The dockerconfig secret that you need to configure needs to have credentials for the remote registry (i.e quay.io that you want to push to).
To create the docker secret, use oc to create a regular secret in your cluster:
oc create secret docker-registry <pull_secret_name> \
--docker-server=<registry_server> \
--docker-username=<user_name> \
--docker-password=<password> \
--docker-email=<email>
And the use kubeseal to create a sealedsecret equivalent of it.
The git hub secret needs your username, github personal access token as password and email address. Note that the github secret is only needed if you want to use the pipeline which creates a PR in github to push changes to production.

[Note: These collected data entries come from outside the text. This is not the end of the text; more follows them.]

(* Let $k \geq 2$ be an integer. Let $\mathbb{R}^2_+=\{(x,y): y>0\}$ and $\mathbb{R}^2_-=\{(x,y): y<0\}$. Fix a $(k+1)$-element set $K=\{y_1,\ldots,y_{k+1}\} \subset \mathbb{R}^2_-$. Let $U$ be the family of all $k$-element subsets of $\mathbb{R}^2_-$, let $O$ be the initial ordinal of cardinality $\mathfrak{c}=2^{\aleph_0}$ (so $|O|=\mathfrak{c}$ and $|\{\alpha \in O: \alpha<\lambda\}|<\mathfrak{c}$ for every $\lambda\in O$), and let $\lambda \mapsto a^{\lambda}=\{a^{\lambda}_1,\ldots,a^{\lambda}_k\}$ be a bijection from $O$ onto $U$. Then there exist families of sets $\{A_\lambda\}_{\lambda\in O}$ and $\{B_\lambda\}_{\lambda \in O}$, increasing in the sense that $\lambda_1<\lambda_2$ implies $A_{\lambda_1}\subseteq A_{\lambda_2}$ and $B_{\lambda_1}\subseteq B_{\lambda_2}$, such that for every $\lambda \in O$: (1) $A_\lambda, B_\lambda \subset \{(x,0): x \in \mathbb{R}\}$; (2) $A_\lambda \cap B_\lambda=\emptyset$; (3) $|A_\lambda|,|B_\lambda| \leq \max(|\lambda|,\aleph_0) < \mathfrak{c}$; (4) there is a point $z \in \mathbb{R}^2_+$ that sees every point of $a^\lambda$ via $A_\lambda$, while no point $z\in\mathbb{R}^2_+$ sees all points of $K$ via $A_\lambda$.
   Context: For $z \in \mathbb{R}^2_+$, $y \in \mathbb{R}^2_-$ and a subset $A$ of the $x$-axis, ''$z$ sees $y$ via $A$'' means that the segment $[z,y]$ is contained in $\mathbb{R}^2_+ \cup A \cup \mathbb{R}^2_-$ (equivalently, the intersection point of $[z,y]$ with the $x$-axis lies in $A$). For an ordinal $\lambda$, $|\lambda|$ denotes its cardinality (the cardinality of the set of ordinals smaller than $\lambda$). The axiom of choice is assumed. *)

From Stdlib Require Import Reals List.
Open Scope R_scope.

Definition point := (R * R)%type.

Definition upper (p : point) : Prop := 0 < snd p.
Definition lower (p : point) : Prop := snd p < 0.

Definition on_x_axis (p : point) : Prop := snd p = 0.

Definition seg_pt (z y : point) (t : R) : point :=
  ((1 - t) * fst z + t * fst y, (1 - t) * snd z + t * snd y).

Definition sees (A : point -> Prop) (z y : point) : Prop :=
  forall t, 0 <= t <= 1 ->
    upper (seg_pt z y t) \/ A (seg_pt z y t) \/ lower (seg_pt z y t).

Definition has_card (S : point -> Prop) (n : nat) : Prop :=
  exists l : list point, NoDup l /\ length l = n /\ (forall p, S p <-> In p l).

Definition injective {X Y : Type} (f : X -> Y) : Prop :=
  forall x1 x2, f x1 = f x2 -> x1 = x2.

Definition card_le (X Y : Type) : Prop := exists f : X -> Y, injective f.

Definition card_eq_c (X : Type) : Prop :=
  exists f : X -> R, injective f /\ (forall r, exists x, f x = r).

Definition card_lt_c (X : Type) : Prop := ~ card_le R X.

Definition segment {O : Type} (lt : O -> O -> Prop) (l : O) : Type :=
  { a : O | lt a l }.

Definition strict_well_order {O : Type} (lt : O -> O -> Prop) : Prop :=
  (forall x, ~ lt x x) /\
  (forall x y z, lt x y -> lt y z -> lt x z) /\
  (forall x y, lt x y \/ x = y \/ lt y x) /\
  well_founded lt.

Definition initial_ordinal_c (O : Type) (lt : O -> O -> Prop) : Prop :=
  strict_well_order lt /\ card_eq_c O /\
  (forall l : O, card_lt_c (segment lt l)).

From Stdlib Require Import Reals Lra Lia List Classical ClassicalEpsilon
  FunctionalExtensionality Runcountable Cantor Relations Wellfounded.
Open Scope R_scope.

(** [A_λ] consists of the points [(u, 0)] where [u] runs over the projections
    onto the x-axis of the points of [a^μ], [μ ≤ λ], from viewpoints [z_μ]
    chosen by transfinite recursion in the upper half-plane.  The recursion
    keeps the set [S] of abscissae chosen so far admissible: no [u ∈ S] lies on
    a secant of [K], and no upper point projects all of [K] into [S].  This
    passes to unions of chains because [K] is finite.  At stage [λ] we have
    [|S| ≤ max(|λ|, ℵ₀) < 𝔠], and a viewpoint [(t, h)] that spoils
    admissibility is a zero of one of fewer than [𝔠] nonzero polynomials of
    degree at most 2 in [t] and in [h]: a point [z'] seeing [K] through the new
    set either projects two points of [K] into [S], and is then determined by
    two elements of [S]; or exactly one, with projection [q], and then the line
    joining that point to [(q, 0)] and the lines joining two other points of
    [K] to their new projections are concurrent, a determinant condition; or
    none, and then, as [|a^λ| < |K|], two points of [K] share a new projection,
    which lies on a secant of [K].  So a generic viewpoint works.
    The cardinal bounds rest on [κ·κ = κ] for infinite initial segments of [O]
    and on the uncountability of [ℝ]. *)

(** * Cardinal arithmetic *)

Lemma card_le_refl (A : Type) : card_le A A.
Proof. exists (fun x => x); intros x y H; exact H. Qed.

The github personal access token you create mush have full rights on repo plus read:org under admin:org and read:user under user to create PRs. The github secret also requires a tekton annotation as well, here is an example:
apiVersion: v1
kind: Secret
metadata:
name: github
annotations:
tekton.dev/git-0: https://github.com
type: kubernetes.io/basic-auth
stringData:
username: gnunn1
password: xxxxxxxxxxxxxxxxxxxxxxxxxxxxx
email: [email protected]
Finally there is a default rolebinding to make the project available to user1, you can remove this if not needed or change it to a different username that is appropriate for your cluster.
Update the patch.yaml file to reflect the wildcard address of your cluster as well as your external registry where the images will be stored.
In the prod you will also need to update the patch-client-deployment.yaml and patch-server-deployment.yaml files.
Finally similarly, like the cicd overlay you can remove or patch the user1 rolebinding as desired.
No changes as there are no cluster specific patches required
ArgoCD works by deploying AppProject and Application objects that define the applications that we want to deploy. In our case we will be deploying several applications via ArgoCD. An ArgoCD Application contains a reference to a git repo which defines what we want to deploy. In order to specify our kustomized cluster overlay we need to patch these application references to point to the git repo and path that represents our cluster.
Therefore in each of the patch-xxxx-app.yaml files, modify the patches to point to your forked repo and the path in the repo containing the kustomized settings for that application. The changes that need to be made have been parameterized so it should be pretty obvious what needs to be modified, here is an example:
- op: replace
path: /spec/source/repoURL
value: https://github.com/<Your-org>/product-catalog-template
- op: replace
path: /spec/source/path
value: clusters/overlays/<your-cluster>/test
In the above <Your-org> is where you forked this repo, <your-cluster> is what you copied the template folder too.